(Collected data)
== Segment start ==
(* Let $P=(Q,I,M,\Delta)$ be a broadcast protocol and $S$ the set returned by the saturation algorithm on $P$. Then $S$ is exactly the set of states $q$ for which there exists a lossy execution covering $\{q\}$. In particular, for every $F\subseteq Q$, there exists a lossy execution covering $F$ if and only if $F\cap S\neq\emptyset$.
   Context: A broadcast protocol is a tuple $P=(Q,I,M,\Delta)$ where $Q$ is a finite set of states, $I\subseteq Q$ initial states, $M$ a finite message alphabet and $\Delta\subseteq Q\times\{!!m,\ ??m \mid m\in M\}\times Q$ ($!!m$ = broadcast, $??m$ = reception). Protocols are complete for receptions: for every $q$, $m$ there is $q'$ with $(q,??m,q')\in\Delta$. A configuration is a finite undirected graph $\gamma=(V,E,L)$, $E$ symmetric irreflexive, $L:V\to Q$; $L(\gamma)=L(V)$; $\gamma$ is initial if $L(V)\subseteq I$. A lossy step goes from $\gamma=(V,E,L)$ to $\gamma'=(V,E,L')$ (same nodes and edges) if there exist a node $v$ and $m\in M$ with $(L(v),!!m,L'(v))\in\Delta$ and either (a) $L'(v')=L(v')$ for all $v'\neq v$ (the broadcast is lost), or (b) for every $v'\neq v$: if $v'$ is a neighbour of $v$ then $(L(v'),??m,L'(v'))\in\Delta$, otherwise $L'(v')=L(v')$ (successful broadcast). A lossy execution is a sequence $\gamma_0,\dots,\gamma_r$ with $\gamma_0$ initial and consecutive lossy steps; it covers $F$ if $L(\gamma_r)\cap F\neq\emptyset$. The saturation algorithm: start with $S:=I$, $c:=|I|$; repeat: if there is $(q_1,!!m,q_2)\in\Delta$ with $q_1\in S$, $q_2\notin S$, add $q_2$ to $S$ and $c:=c+1$; else if there are $(q_1,!!m,q_2),(q_1',??m,q_2')\in\Delta$ with $q_1,q_2,q_1'\in S$, $q_2'\notin S$, add $q_2'$ and $c:=c+2$; else stop and return $S$. *)

From mathcomp Require Import all_boot.
Set Implicit Arguments. Unset Strict Implicit. Unset Printing Implicit Defensive.

Inductive act (M : Type) := Bcast of M | Recv of M.
Arguments Bcast {M} _.
Arguments Recv {M} _.

Section Broadcast.
Variables (Q M : finType).
Variable Delta : Q -> act M -> Q -> bool.

Definition complete_for_receptions : Prop :=
  forall (q : Q) (m : M), exists q', Delta q (Recv m) q'.

(* Configurations over a fixed graph (V, E): labelings L : V -> Q.
   Lossy steps preserve nodes and edges, so an execution is a sequence of
   labelings over one fixed graph. *)
Definition lossy_step (V : finType) (E : rel V) (L L' : V -> Q) : Prop :=
  exists (v : V) (m : M),
    Delta (L v) (Bcast m) (L' v) /\
    ((forall v', v' != v -> L' v' = L v') \/
     (forall v', v' != v ->
        if E v v' then Delta (L v') (Recv m) (L' v') else L' v' == L v')).

Inductive lossy_reach (V : finType) (E : rel V) : (V -> Q) -> (V -> Q) -> Prop :=
| lr_refl L : lossy_reach E L L
| lr_step L L' L'' : lossy_step E L L' -> lossy_reach E L' L'' -> lossy_reach E L L''.

Definition lossy_coverable (I : {set Q}) (F : {set Q}) : Prop :=
  exists (V : finType) (E : rel V) (L0 Lr : V -> Q),
    symmetric E /\ irreflexive E /\
    (forall v, L0 v \in I) /\
    lossy_reach E L0 Lr /\
    (exists v, Lr v \in F).

Definition sat_rule1 (S : {set Q}) (q2 : Q) : Prop :=
  exists (q1 : Q) (m : M), [/\ Delta q1 (Bcast m) q2, q1 \in S & q2 \notin S].

Definition sat_rule2 (S : {set Q}) (q2' : Q) : Prop :=
  exists (q1 q2 q1' : Q) (m : M),
    Delta q1 (Bcast m) q2 /\ Delta q1' (Recv m) q2' /\
    q1 \in S /\ q2 \in S /\ q1' \in S /\ q2' \notin S.

Definition sat_step (s s' : {set Q} * nat) : Prop :=
  (exists q2, sat_rule1 s.1 q2 /\ s' = (q2 |: s.1, s.2 + 1)) \/
  ((forall q2, ~ sat_rule1 s.1 q2) /\
   exists q2', sat_rule2 s.1 q2' /\ s' = (q2' |: s.1, s.2 + 2)).

Inductive sat_reach : {set Q} * nat -> {set Q} * nat -> Prop :=
| sr_refl s : sat_reach s s
| sr_step s s' s'' : sat_step s s' -> sat_reach s' s'' -> sat_reach s s''.

Definition saturation_returns (I S : {set Q}) : Prop :=
  exists c : nat,
    sat_reach (I, #|I|) (S, c) /\ (forall s', ~ sat_step (S, c) s').

End Broadcast.

(** Every state added by the saturation algorithm is covered, by induction
   along the run.  For the first rule, let the covering node broadcast and
   lose the message.  For the second rule, take disjoint copies of executions
   covering [q1] and [q1'], join the two covering nodes by an edge, replay
   both executions and finally let the [q1]-node broadcast successfully.
   Replaying is faithful because in both executions the covering node only
   ever loses its broadcasts; the construction preserves this, since the
   node that broadcasts last is not the new covering node.
   Conversely, a set on which the algorithm stops is closed under broadcasts
   and under receptions of messages broadcast from within it, so no lossy
   execution from [I] ever leaves it. *)

From mathcomp Require Import all_boot.
From Stdlib Require Import Relation_Operators Operators_Properties.

Set Implicit Arguments. Unset Strict Implicit. Unset Printing Implicit Defensive.

Lemma clos_rt_map (A B : Type) (R : A -> A -> Prop) (R' : B -> B -> Prop)
    (f : A -> B) :
  (forall x y, R x y -> R' (f x) (f y)) ->
  forall x y, clos_refl_trans _ R x y -> clos_refl_trans _ R' (f x) (f y).
Proof.
move=> fR x y; elim=> [u v uv | u | u v w _ IHuv _ IHvw].
- exact/rt_step/fR.
- exact: rt_refl.
- exact: rt_trans IHuv IHvw.
Qed.

Section Saturation.
Variables (Q M : finType) (Delta : Q -> act M -> Q -> bool).

Definition bcast_closed (S : {set Q}) : Prop :=
  forall q1 m q2, q1 \in S -> Delta q1 (Bcast m) q2 -> q2 \in S.

Definition recv_closed (S : {set Q}) : Prop :=
  forall q1 q2 q1' q2' m, q1 \in S -> q2 \in S -> q1' \in S ->
    Delta q1 (Bcast m) q2 -> Delta q1' (Recv m) q2' -> q2' \in S.

Lemma sat_reach_subset s s' : sat_reach Delta s s' -> s.1 \subset s'.1.
Proof.
elim=> // s1 s2 s3 step12 _; apply: subset_trans.
by case: step12 => [[q [_ ->]] | [_ [q [_ ->]]]]; apply: subsetUr.
Qed.

Section Stuck.
Variables (S : {set Q}) (c : nat).
Hypothesis stuck : forall s', ~ sat_step Delta (S, c) s'.

Lemma sat_stuck_no_rule1 q : ~ sat_rule1 Delta S q.
Proof. by move=> rule1; apply: (@stuck (q |: S, c + 1)); left; exists q. Qed.

Lemma sat_stuck_bcast_closed : bcast_closed S.
Proof.
move=> q1 m q2 Sq1 bq; apply/negPn/negP => S'q2.
by apply: (@sat_stuck_no_rule1 q2); exists q1, m.
Qed.

Lemma sat_stuck_recv_closed : recv_closed S.
Proof.
move=> q1 q2 q1' q2' m Sq1 Sq2 Sq1' bq rq; apply/negPn/negP => S'q2'.
apply: (@stuck (q2' |: S, c + 2)); right; split; first exact: sat_stuck_no_rule1.
by exists q2'; split=> //; exists q1, q2, q1', m.
Qed.

End Stuck.

Section Closed.
Variables (S : {set Q}) (V : finType) (E : rel V).
Hypotheses (S_bcast : bcast_closed S) (S_recv : recv_closed S).

Lemma lossy_step_closed L L' :
  lossy_step Delta E L L' -> (forall v, L v \in S) -> forall v, L' v \in S.
Proof.
move=> [u [m [bu upd]]] SL v; have SL'u : L' u \in S := S_bcast (SL u) bu.
have [-> // | vu] := eqVneq v u.
case: upd => upd; first by rewrite upd.
move: (upd v vu); case: ifP => _; last by move/eqP ->.
exact: S_recv (SL u) SL'u (SL v) bu.
Qed.

Lemma lossy_reach_closed L L' :
  lossy_reach Delta E L L' -> (forall v, L v \in S) -> forall v, L' v \in S.
Proof. by elim=> // L1 L2 L3 /lossy_step_closed step _ IH /step. Qed.

End Closed.

Lemma lossy_coverable_meet (I S F : {set Q}) :
  I \subset S -> bcast_closed S -> recv_closed S ->
  lossy_coverable Delta I F -> F :&: S != set0.
Proof.
move=> IS S_bcast S_recv [V [E [L0 [L [_ [_ [IL0 [reach [v Fv]]]]]]]]].
apply/set0Pn; exists (L v); rewrite inE Fv /=.
by apply: lossy_reach_closed reach _ _ => // w; apply: (subsetP IS).
Qed.

(* The broadcasts of the root [r] are always lost, so [r] can later be given
   a new neighbour without affecting the execution. *)
Definition rooted_step (V : finType) (E : rel V) (r : V) (L L' : V -> Q) :=
  exists (u : V) (m : M), Delta (L u) (Bcast m) (L' u) /\
    ((forall v, v != u -> L' v = L v) \/
     (u != r /\ forall v, v != u ->
        if E u v then Delta (L v) (Recv m) (L' v) else L' v == L v)).

Definition rooted_reach (V : finType) (E : rel V) (r : V) :=
  clos_refl_trans _ (rooted_step E r).

Lemma rooted_reach_snoc (V : finType) (E : rel V) r L L' L'' :
  rooted_reach E r L L' -> rooted_step E r L' L'' -> rooted_reach E r L L''.
Proof. by move=> reach step; apply: rt_trans reach _; apply: rt_step. Qed.

Definition root_coverable (I : {set Q}) (q : Q) : Prop :=
  exists (V : finType) (E : rel V) (L0 L : V -> Q) (r : V),
    [/\ symmetric E, irreflexive E, forall v, L0 v \in I,
        rooted_reach E r L0 L & L r = q].

Lemma rooted_step_lossy (V : finType) (E : rel V) r L L' :
  rooted_step E r L L' -> lossy_step Delta E L L'.
Proof.
move=> [u [m [bu upd]]]; exists u, m; split=> //.
by case: upd => [lost | [_ sent]]; [left | right].
Qed.

Lemma rooted_reach_lossy (V : finType) (E : rel V) r L L' :
  rooted_reach E r L L' -> lossy_reach Delta E L L'.
Proof.
move=> reach; have lossy : clos_refl_trans _ (lossy_step Delta E) L L'.
  exact: (@clos_rt_map _ _ _ _ id (@rooted_step_lossy V E r) _ _ reach).
elim: (clos_rt_rt1n _ _ _ _ lossy) => [L1 | L1 L2 L3 step _ IH].
- exact: lr_refl.
- exact: lr_step IH.
Qed.

Lemma root_coverable_lossy (I F : {set Q}) q :
  q \in F -> root_coverable I q -> lossy_coverable Delta I F.
Proof.
move=> Fq [V [E [L0 [L [r [symE irrE IL0 reach Lr]]]]]].
exists V, E, L0, L; do 4 (split=> //); first exact: rooted_reach_lossy reach.
by exists r; rewrite Lr.
Qed.

Lemma root_coverable_init (I : {set Q}) q : q \in I -> root_coverable I q.
Proof.
move=> Iq; exists (unit : finType), (fun _ _ => false), (fun _ => q),
  (fun _ => q), tt.
by split=> //; apply: rt_refl.
Qed.

Lemma root_coverable_bcast (I : {set Q}) q1 m q2 :
  root_coverable I q1 -> Delta q1 (Bcast m) q2 -> root_coverable I q2.
Proof.
move=> [V [E [L0 [L [r [symE irrE IL0 reach Lr]]]]]] bq.
exists V, E, L0, (fun v => if v == r then q2 else L v), r.
split=> //; last by rewrite eqxx.
apply: rooted_reach_snoc reach _; exists r, m; rewrite eqxx Lr.
by split=> //; left=> v /negbTE ->.
Qed.

Section Bridge.
Variables (VA VB : finType) (EA : rel VA) (EB : rel VB) (a : VA) (b : VB).

Definition bridge : rel (VA + VB) := fun x y =>
  match x, y with
  | inl x, inl y => EA x y
  | inr x, inr y => EB x y
  | inl x, inr y => (x == a) && (y == b)
  | inr x, inl y => (x == b) && (y == a)
  end.

Definition sum_lab (LA : VA -> Q) (LB : VB -> Q) (x : VA + VB) : Q :=
  match x with inl x => LA x | inr y => LB y end.

Lemma bridge_sym : symmetric EA -> symmetric EB -> symmetric bridge.
Proof.
move=> symA symB [x|x] [y|y] /=; [exact: symA | exact: andbC | exact: andbC |
  exact: symB].
Qed.

Lemma bridge_irr : irreflexive EA -> irreflexive EB -> irreflexive bridge.
Proof. by move=> irrA irrB [x|x] /=. Qed.

Lemma rooted_step_inl LA LA' LB :
  rooted_step EA a LA LA' ->
  rooted_step bridge (inr b) (sum_lab LA LB) (sum_lab LA' LB).
Proof.
move=> [u [m [bu upd]]]; exists (inl u), m; split=> //.
case: upd => [lost | [ua sent]].
  by left=> [[w|w]] //= wu; apply: lost; apply: contra wu => /eqP ->.
right; split=> // -[w|w] wu /=; last by rewrite (negbTE ua) /= eqxx.
by apply: sent; apply: contra wu => /eqP ->.
Qed.

Lemma rooted_step_inr LA LB LB' :
  rooted_step EB b LB LB' ->
  rooted_step bridge (inr b) (sum_lab LA LB) (sum_lab LA LB').
Proof.
move=> [u [m [bu upd]]]; exists (inr u), m; split=> //.
case: upd => [lost | [ub sent]].
  by left=> [[w|w]] //= wu; apply: lost; apply: contra wu => /eqP ->.
right; split=> [|[w|w] wu /=]; first by apply: contra ub => /eqP [->].
  by rewrite (negbTE ub) /= eqxx.
by apply: sent; apply: contra wu => /eqP ->.
Qed.

Lemma rooted_reach_bridge LA LA' LB LB' :
  rooted_reach EA a LA LA' -> rooted_reach EB b LB LB' ->
  rooted_reach bridge (inr b) (sum_lab LA LB) (sum_lab LA' LB').
Proof.
move=> reachA reachB; apply: rt_trans.
  exact: (@clos_rt_map _ _ _ _ (sum_lab ^~ LB)
           (fun LA LA' => @rooted_step_inl LA LA' LB) _ _ reachA).
exact: (@clos_rt_map _ _ _ _ (sum_lab LA') (@rooted_step_inr LA') _ _ reachB).
Qed.

End Bridge.

Hypothesis Delta_complete : complete_for_receptions Delta.

Definition recv_target (q : Q) (m : M) : Q :=
  odflt q [pick q' | Delta q (Recv m) q'].

Lemma recv_targetP q m : Delta q (Recv m) (recv_target q m).
Proof.
rewrite /recv_target; case: pickP => [// | none].
by have [q' rq] := Delta_complete q m; rewrite none in rq.
Qed.

Definition bcast_lab (V : finType) (E : rel V) (L : V -> Q) u m q : V -> Q :=
  fun v => if v == u then q else if E u v then recv_target (L v) m else L v.

Lemma rooted_step_bridge_bcast (VA VB : finType) (EA : rel VA) (EB : rel VB)
    a b (LA : VA -> Q) (LB : VB -> Q) m q2 q2' :
  Delta (LA a) (Bcast m) q2 -> Delta (LB b) (Recv m) q2' ->
  rooted_step (bridge EA EB a b) (inr b) (sum_lab LA LB)
    (sum_lab (bcast_lab EA LA a m q2) (fun y => if y == b then q2' else LB y)).
Proof.
move=> ba rb; exists (inl a), m; rewrite /= /bcast_lab eqxx; split=> //; right.
split=> // -[w|w] wa /=.
  have /negbTE-> : w != a by apply: contra wa => /eqP ->.
  by case: (EA a w) => /=; [apply: recv_targetP | rewrite eqxx].
by case: (eqVneq w b) => [-> | _].
Qed.

Lemma root_coverable_recv (I : {set Q}) q1 q2 q1' q2' m :
  root_coverable I q1 -> root_coverable I q1' ->
  Delta q1 (Bcast m) q2 -> Delta q1' (Recv m) q2' -> root_coverable I q2'.
Proof.
move=> [VA [EA [LA0 [LA [a [symA irrA ILA0 reachA LAa]]]]]]
       [VB [EB [LB0 [LB [b [symB irrB ILB0 reachB LBb]]]]]] bq rq.
exists (VA + VB)%type, (bridge EA EB a b), (sum_lab LA0 LB0),
  (sum_lab (bcast_lab EA LA a m q2) (fun y => if y == b then q2' else LB y)),
  (inr b).
split; [exact: bridge_sym | exact: bridge_irr | by case | | ].
- apply: rooted_reach_snoc (rooted_reach_bridge reachA reachB) _.
  by apply: rooted_step_bridge_bcast; rewrite ?LAa ?LBb.
- by rewrite /= eqxx.
Qed.

Lemma sat_reach_root_coverable (I : {set Q}) s s' :
  sat_reach Delta s s' -> (forall q, q \in s.1 -> root_coverable I q) ->
  forall q, q \in s'.1 -> root_coverable I q.
Proof.
elim=> // s1 s2 s3 step _ IH cov1; apply: IH => q.
case: step => [[q2 [[q1 [m [bq Sq1 _]]] ->]] |
               [_ [q2' [[q1 [q2 [q1' [m [bq [rq [Sq1 [Sq2 [Sq1' _]]]]]]]]] ->]]]];
  rewrite /= in_setU1 => /predU1P [-> | /cov1 //].
- exact: root_coverable_bcast (cov1 _ Sq1) bq.
- exact: root_coverable_recv (cov1 _ Sq1) (cov1 _ Sq1') bq rq.
Qed.

End Saturation.

Theorem lemma3p4 (Q M : finType) (I : {set Q}) (Delta : Q -> act M -> Q -> bool)
  (Hcomplete : complete_for_receptions Delta) (S : {set Q}) :
  saturation_returns Delta I S ->
  (forall q : Q, q \in S <-> lossy_coverable Delta I [set q]) /\
  (forall F : {set Q}, lossy_coverable Delta I F <-> F :&: S != set0).
Proof.
move=> [c [reach stuck]].
have meet F : lossy_coverable Delta I F -> F :&: S != set0.
  apply: lossy_coverable_meet (sat_reach_subset reach) _ _.
    exact: sat_stuck_bcast_closed stuck.
  exact: sat_stuck_recv_closed stuck.
have cover : forall q, q \in S -> root_coverable Delta I q.
  by have := sat_reach_root_coverable Hcomplete reach; apply=> q /root_coverable_init.
split=> [q | F]; split.
- by move=> /cover; apply: root_coverable_lossy; rewrite inE.
- by move/meet/set0Pn => [x]; rewrite !inE => /andP [/eqP ->].
- exact: meet.
- by move/set0Pn => [x /setIP [Fx /cover]]; apply: root_coverable_lossy.
Qed.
== Segment end ==
What is needed is a verbatim copy of every line in the records above from the one containing "fun v => if v == u" down to the one containing "Lemma sat_reach_root_coverable (I", both included, and nothing more.

  fun v => if v == u then q else if E u v then recv_target (L v) m else L v.

Lemma rooted_step_bridge_bcast (VA VB : finType) (EA : rel VA) (EB : rel VB)
    a b (LA : VA -> Q) (LB : VB -> Q) m q2 q2' :
  Delta (LA a) (Bcast m) q2 -> Delta (LB b) (Recv m) q2' ->
  rooted_step (bridge EA EB a b) (inr b) (sum_lab LA LB)
    (sum_lab (bcast_lab EA LA a m q2) (fun y => if y == b then q2' else LB y)).
Proof.
move=> ba rb; exists (inl a), m; rewrite /= /bcast_lab eqxx; split=> //; right.
split=> // -[w|w] wa /=.
  have /negbTE-> : w != a by apply: contra wa => /eqP ->.
  by case: (EA a w) => /=; [apply: recv_targetP | rewrite eqxx].
by case: (eqVneq w b) => [-> | _].
Qed.

Lemma root_coverable_recv (I : {set Q}) q1 q2 q1' q2' m :
  root_coverable I q1 -> root_coverable I q1' ->
  Delta q1 (Bcast m) q2 -> Delta q1' (Recv m) q2' -> root_coverable I q2'.
Proof.
move=> [VA [EA [LA0 [LA [a [symA irrA ILA0 reachA LAa]]]]]]
       [VB [EB [LB0 [LB [b [symB irrB ILB0 reachB LBb]]]]]] bq rq.
exists (VA + VB)%type, (bridge EA EB a b), (sum_lab LA0 LB0),
  (sum_lab (bcast_lab EA LA a m q2) (fun y => if y == b then q2' else LB y)),
  (inr b).
split; [exact: bridge_sym | exact: bridge_irr | by case | | ].
- apply: rooted_reach_snoc (rooted_reach_bridge reachA reachB) _.
  by apply: rooted_step_bridge_bcast; rewrite ?LAa ?LBb.
- by rewrite /= eqxx.
Qed.

Lemma sat_reach_root_coverable (I : {set Q}) s s' :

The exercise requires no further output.